**ACTION ITEM:** Scan the records for the word "worse". Copy each line that includes it.

**INFORMATION PROVIDED:**
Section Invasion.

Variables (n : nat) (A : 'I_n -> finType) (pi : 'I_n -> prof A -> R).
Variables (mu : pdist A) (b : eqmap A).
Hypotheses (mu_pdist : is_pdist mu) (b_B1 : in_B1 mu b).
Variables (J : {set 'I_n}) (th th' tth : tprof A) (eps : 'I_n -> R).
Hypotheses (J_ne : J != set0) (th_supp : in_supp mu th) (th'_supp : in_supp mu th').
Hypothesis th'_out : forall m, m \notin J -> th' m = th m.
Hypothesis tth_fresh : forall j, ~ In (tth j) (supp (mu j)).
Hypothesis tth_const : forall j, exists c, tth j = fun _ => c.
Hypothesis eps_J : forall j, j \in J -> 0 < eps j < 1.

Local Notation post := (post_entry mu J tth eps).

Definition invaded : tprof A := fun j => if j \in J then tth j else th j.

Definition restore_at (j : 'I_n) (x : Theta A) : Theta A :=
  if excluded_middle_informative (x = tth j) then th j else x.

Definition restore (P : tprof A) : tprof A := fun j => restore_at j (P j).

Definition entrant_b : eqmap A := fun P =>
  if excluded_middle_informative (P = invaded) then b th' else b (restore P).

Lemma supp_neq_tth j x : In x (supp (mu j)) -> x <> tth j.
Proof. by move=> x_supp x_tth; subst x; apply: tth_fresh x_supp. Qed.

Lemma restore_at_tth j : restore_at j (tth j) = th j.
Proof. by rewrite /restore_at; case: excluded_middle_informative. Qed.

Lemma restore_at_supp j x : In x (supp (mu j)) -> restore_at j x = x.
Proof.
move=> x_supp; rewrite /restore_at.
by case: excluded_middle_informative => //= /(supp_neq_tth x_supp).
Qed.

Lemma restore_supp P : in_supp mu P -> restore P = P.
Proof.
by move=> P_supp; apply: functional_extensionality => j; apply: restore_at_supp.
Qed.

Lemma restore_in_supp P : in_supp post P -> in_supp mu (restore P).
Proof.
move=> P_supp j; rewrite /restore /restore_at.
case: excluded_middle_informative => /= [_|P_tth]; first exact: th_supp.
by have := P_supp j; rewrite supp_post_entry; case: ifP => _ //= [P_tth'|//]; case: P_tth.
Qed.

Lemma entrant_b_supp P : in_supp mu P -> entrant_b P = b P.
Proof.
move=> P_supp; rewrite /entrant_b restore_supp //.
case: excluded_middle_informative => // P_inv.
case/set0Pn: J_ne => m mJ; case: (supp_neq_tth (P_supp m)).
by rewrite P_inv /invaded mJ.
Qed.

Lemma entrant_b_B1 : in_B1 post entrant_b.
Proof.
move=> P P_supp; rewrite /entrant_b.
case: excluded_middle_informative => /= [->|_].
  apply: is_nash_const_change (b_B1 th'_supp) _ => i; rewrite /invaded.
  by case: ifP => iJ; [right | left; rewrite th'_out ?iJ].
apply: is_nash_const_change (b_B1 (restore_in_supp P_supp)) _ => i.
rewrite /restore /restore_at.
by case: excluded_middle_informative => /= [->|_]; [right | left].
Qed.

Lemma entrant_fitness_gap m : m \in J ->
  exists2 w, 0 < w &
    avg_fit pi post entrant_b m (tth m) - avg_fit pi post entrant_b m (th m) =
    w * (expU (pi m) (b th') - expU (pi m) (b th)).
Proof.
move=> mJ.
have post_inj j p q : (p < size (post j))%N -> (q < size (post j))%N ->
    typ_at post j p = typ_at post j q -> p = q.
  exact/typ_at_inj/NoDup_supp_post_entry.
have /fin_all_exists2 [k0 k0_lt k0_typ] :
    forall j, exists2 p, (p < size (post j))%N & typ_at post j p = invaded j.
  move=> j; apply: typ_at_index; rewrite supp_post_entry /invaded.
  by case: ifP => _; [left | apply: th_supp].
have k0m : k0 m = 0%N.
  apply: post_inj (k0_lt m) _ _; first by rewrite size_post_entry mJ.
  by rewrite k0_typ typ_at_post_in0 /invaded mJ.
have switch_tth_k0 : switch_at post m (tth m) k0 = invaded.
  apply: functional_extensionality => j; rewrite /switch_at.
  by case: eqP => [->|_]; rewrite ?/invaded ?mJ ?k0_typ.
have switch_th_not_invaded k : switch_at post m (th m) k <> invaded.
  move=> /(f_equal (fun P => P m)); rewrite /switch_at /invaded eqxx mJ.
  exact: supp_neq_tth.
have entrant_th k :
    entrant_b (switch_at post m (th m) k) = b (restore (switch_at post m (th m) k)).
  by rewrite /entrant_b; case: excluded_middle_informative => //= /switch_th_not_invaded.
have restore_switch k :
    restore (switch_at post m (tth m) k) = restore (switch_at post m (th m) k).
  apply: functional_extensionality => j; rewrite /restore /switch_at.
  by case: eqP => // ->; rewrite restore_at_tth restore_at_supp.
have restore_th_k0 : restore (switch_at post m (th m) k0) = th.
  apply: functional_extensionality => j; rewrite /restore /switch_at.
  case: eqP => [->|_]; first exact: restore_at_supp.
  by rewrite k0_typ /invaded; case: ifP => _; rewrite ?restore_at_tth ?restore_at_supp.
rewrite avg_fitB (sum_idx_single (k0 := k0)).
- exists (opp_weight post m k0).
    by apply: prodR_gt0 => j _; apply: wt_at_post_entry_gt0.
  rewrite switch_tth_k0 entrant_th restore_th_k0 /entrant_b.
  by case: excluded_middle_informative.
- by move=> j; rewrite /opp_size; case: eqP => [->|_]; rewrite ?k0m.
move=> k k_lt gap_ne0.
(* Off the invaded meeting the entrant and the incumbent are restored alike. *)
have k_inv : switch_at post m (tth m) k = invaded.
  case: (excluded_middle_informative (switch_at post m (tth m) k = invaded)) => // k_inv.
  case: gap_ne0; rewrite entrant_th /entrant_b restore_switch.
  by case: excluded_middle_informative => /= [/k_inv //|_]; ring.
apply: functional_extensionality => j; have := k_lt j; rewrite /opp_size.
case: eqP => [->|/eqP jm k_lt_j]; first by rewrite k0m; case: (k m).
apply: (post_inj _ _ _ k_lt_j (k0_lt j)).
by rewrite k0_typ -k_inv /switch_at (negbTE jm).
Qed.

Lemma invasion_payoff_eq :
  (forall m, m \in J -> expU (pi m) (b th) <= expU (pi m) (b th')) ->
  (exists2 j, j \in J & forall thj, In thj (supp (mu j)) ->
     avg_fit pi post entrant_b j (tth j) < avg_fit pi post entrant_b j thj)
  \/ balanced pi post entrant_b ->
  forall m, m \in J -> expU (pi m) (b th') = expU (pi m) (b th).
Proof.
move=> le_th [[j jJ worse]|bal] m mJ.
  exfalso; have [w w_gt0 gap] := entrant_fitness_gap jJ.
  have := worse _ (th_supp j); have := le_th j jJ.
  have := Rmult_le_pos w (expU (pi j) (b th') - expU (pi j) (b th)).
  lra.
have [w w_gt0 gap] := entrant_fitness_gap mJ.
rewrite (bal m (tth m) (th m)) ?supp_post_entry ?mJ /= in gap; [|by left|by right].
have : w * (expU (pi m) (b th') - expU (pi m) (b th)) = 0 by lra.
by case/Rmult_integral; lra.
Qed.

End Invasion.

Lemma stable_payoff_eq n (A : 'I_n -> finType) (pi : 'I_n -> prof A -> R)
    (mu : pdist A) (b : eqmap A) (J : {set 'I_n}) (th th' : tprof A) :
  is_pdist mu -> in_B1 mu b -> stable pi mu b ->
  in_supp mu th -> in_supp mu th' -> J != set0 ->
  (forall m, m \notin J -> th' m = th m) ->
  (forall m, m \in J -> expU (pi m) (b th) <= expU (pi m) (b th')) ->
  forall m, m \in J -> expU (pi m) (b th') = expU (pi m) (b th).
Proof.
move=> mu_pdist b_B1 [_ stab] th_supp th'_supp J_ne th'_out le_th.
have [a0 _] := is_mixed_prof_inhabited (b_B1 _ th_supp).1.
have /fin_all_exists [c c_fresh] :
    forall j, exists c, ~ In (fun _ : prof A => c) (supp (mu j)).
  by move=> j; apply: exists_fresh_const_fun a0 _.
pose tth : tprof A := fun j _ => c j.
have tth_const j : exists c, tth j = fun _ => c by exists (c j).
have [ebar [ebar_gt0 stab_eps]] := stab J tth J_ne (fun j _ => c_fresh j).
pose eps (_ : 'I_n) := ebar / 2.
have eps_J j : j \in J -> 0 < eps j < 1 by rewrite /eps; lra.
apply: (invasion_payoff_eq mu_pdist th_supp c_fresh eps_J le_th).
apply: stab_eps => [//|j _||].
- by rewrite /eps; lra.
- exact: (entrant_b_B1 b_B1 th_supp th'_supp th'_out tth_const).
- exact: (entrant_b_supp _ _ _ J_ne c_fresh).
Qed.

**ANSWER SPACE:**
move=> le_th [[j jJ worse]|bal] m mJ.
  have := worse _ (th_supp j); have := le_th j jJ.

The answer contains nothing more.